Look through the data below and show every line that includes "unfold".

GIVEN DATA Start Marker

(* Subtracting the first-order conditions for shifting provision from [t2] to
   [t1], before and after redirecting [t2]'s linkers to [t1], leaves a sum of
   marginal utilities of [t2]'s linkers, which is positive. *)
Lemma distinct_targets_absurd t1 t2 m : (t1 < n)%nat -> (t2 < n)%nat -> (m < n)%nat ->
  t1 <> t2 -> g m t2 = true -> 0 < x t2 <= x t1 ->
  (forall v, (v < n)%nat -> g t1 v = false) -> (forall v, (v < n)%nat -> g t2 v = false) ->
  (forall u, (u < n)%nat -> g u t1 = true -> g u t2 = false) -> False.
Proof.
  intros H1 H2 Hm H12 Hmt2 Hx Hout1 Hout2 Hdisj. pose proof efficient_admissible as Hadm.
  set (D := fun u a => Derive (fun s => U u s (y u)) a).
  set (A := fun u => xbar n x g u + redirect_gain x g t1 t2 u).
  set (gap := fun u => redirect_dir g t1 t2 u * D u (A u) - shift_dir g t1 t2 u * D u (xbar n x g u)).
  assert (Hgap : forall u, (u < n)%nat -> if g u t2 then 0 < gap u else gap u = 0).
  { intros u Hu. destruct (Hadm u Hu) as (_ & Hyu & _).
    assert (HxA : 0 <= xbar n x g u <= A u).
    { assert (0 <= xbar n x g u) by (apply xbar_nonneg; auto; apply Hadm).
      unfold A, redirect_gain. case_links. }
    assert (HD : 0 < D u (xbar n x g u)) by (apply HUmarg; auto; lra).
    assert (HDA : 0 < D u (A u)) by (apply HUmarg; auto; lra).
    unfold gap, A, redirect_dir, shift_dir, redirect_gain, indicator in *.
    destruct (Nat.eqb_spec u t1) as [->|Hu1]; [rewrite (Hout1 t1), (Hout1 t2) in * by auto|].
    2: destruct (Nat.eqb_spec u t2) as [->|Hu2]; [rewrite (Hout2 t1), (Hout2 t2) in * by auto|].
    3: destruct (g u t1) eqn:Hut1; [rewrite (Hdisj u Hu Hut1) in *|].
    all: case_links; rewrite ?Rplus_0_r; lra. }
  assert (Hpos : sumR n (fun _ => 0) < sumR n gap).
  { apply (sumR_lt n _ _ m); auto.
    - intros u Hu. specialize (Hgap u Hu). destruct (g u t2); lra.
    - specialize (Hgap m Hm). rewrite Hmt2 in Hgap. exact Hgap. }
  unfold gap, D, A in Hpos. rewrite sumR_minus in Hpos.
  rewrite (shift_first_order t1 t2), (redirect_first_order t1 t2) in Hpos; auto.
  rewrite (sumR_ext n _ (fun _ => 0 * 0)) in Hpos by (intros; ring).
  rewrite sumR_scal in Hpos. lra.
Qed.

GIVEN DATA End Marker

◆ RESULT OF THE EXERCISE:
      unfold A, redirect_gain. case_links. }
    unfold gap, A, redirect_dir, shift_dir, redirect_gain, indicator in *.
  unfold gap, D, A in Hpos. rewrite sumR_minus in Hpos.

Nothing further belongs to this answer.